_ASSIGNED TASK_:
Among the entries that follow, find every line with the word "Defensive" and copy it.

_EXERCISE DATA_:
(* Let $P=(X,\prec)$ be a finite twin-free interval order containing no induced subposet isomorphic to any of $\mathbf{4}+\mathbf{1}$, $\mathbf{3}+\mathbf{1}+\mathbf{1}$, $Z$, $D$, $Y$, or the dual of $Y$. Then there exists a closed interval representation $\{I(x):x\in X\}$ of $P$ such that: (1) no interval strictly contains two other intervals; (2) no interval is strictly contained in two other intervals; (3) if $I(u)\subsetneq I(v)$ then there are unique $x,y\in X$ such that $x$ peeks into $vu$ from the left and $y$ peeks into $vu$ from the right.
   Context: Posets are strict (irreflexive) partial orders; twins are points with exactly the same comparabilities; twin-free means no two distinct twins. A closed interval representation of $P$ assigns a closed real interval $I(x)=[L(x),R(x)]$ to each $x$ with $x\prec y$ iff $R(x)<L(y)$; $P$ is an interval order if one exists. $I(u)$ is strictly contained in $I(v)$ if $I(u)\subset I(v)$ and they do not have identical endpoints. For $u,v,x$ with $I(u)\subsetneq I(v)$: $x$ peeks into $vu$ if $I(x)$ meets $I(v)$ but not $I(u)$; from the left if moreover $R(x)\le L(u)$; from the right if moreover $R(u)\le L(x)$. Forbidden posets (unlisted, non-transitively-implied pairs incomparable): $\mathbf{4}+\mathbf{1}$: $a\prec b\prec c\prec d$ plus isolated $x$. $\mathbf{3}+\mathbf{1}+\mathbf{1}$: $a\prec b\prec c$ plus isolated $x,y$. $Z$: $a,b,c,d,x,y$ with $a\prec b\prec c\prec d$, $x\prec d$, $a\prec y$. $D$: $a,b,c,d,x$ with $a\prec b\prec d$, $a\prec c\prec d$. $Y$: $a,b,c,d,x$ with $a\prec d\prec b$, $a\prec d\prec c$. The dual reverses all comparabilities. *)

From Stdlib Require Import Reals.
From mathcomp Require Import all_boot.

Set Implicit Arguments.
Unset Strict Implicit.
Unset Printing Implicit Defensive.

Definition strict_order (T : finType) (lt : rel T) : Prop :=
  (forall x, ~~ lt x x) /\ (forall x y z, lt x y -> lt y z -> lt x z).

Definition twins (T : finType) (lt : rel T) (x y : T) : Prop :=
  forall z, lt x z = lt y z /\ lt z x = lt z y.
==
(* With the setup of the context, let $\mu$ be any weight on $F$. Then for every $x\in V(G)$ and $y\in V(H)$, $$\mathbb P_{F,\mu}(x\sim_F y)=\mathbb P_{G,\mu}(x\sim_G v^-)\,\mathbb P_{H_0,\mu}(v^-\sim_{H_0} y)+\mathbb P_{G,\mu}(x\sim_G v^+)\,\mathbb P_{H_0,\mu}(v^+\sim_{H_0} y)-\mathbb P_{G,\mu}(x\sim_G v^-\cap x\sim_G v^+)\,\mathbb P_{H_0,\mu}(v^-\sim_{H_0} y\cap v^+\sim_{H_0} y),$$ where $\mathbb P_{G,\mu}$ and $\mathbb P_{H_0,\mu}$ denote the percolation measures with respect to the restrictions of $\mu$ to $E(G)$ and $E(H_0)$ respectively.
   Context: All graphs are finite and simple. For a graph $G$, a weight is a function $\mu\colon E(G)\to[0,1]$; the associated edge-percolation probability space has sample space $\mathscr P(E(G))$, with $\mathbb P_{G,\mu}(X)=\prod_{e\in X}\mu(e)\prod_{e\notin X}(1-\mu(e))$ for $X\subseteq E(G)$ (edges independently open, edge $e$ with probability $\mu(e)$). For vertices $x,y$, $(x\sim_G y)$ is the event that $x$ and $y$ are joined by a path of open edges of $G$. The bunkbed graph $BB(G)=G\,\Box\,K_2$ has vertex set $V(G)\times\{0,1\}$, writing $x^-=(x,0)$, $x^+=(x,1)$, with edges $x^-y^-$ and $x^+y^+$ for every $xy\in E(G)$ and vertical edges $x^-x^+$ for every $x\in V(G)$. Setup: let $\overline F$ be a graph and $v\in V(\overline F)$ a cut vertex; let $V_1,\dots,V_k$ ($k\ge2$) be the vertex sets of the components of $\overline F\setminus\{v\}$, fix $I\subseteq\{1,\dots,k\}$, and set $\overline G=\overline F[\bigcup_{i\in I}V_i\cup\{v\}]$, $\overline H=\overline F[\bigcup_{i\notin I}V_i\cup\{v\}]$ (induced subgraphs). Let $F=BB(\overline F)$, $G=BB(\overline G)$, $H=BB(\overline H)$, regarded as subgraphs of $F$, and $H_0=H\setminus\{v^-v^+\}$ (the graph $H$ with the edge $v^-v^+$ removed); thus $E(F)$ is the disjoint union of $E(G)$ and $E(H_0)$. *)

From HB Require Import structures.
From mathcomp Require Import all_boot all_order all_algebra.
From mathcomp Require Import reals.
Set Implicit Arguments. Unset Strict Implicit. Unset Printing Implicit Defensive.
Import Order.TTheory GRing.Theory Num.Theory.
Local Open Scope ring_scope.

_REPLY TO THE EXERCISE_:
Unset Printing Implicit Defensive.
Set Implicit Arguments. Unset Strict Implicit. Unset Printing Implicit Defensive.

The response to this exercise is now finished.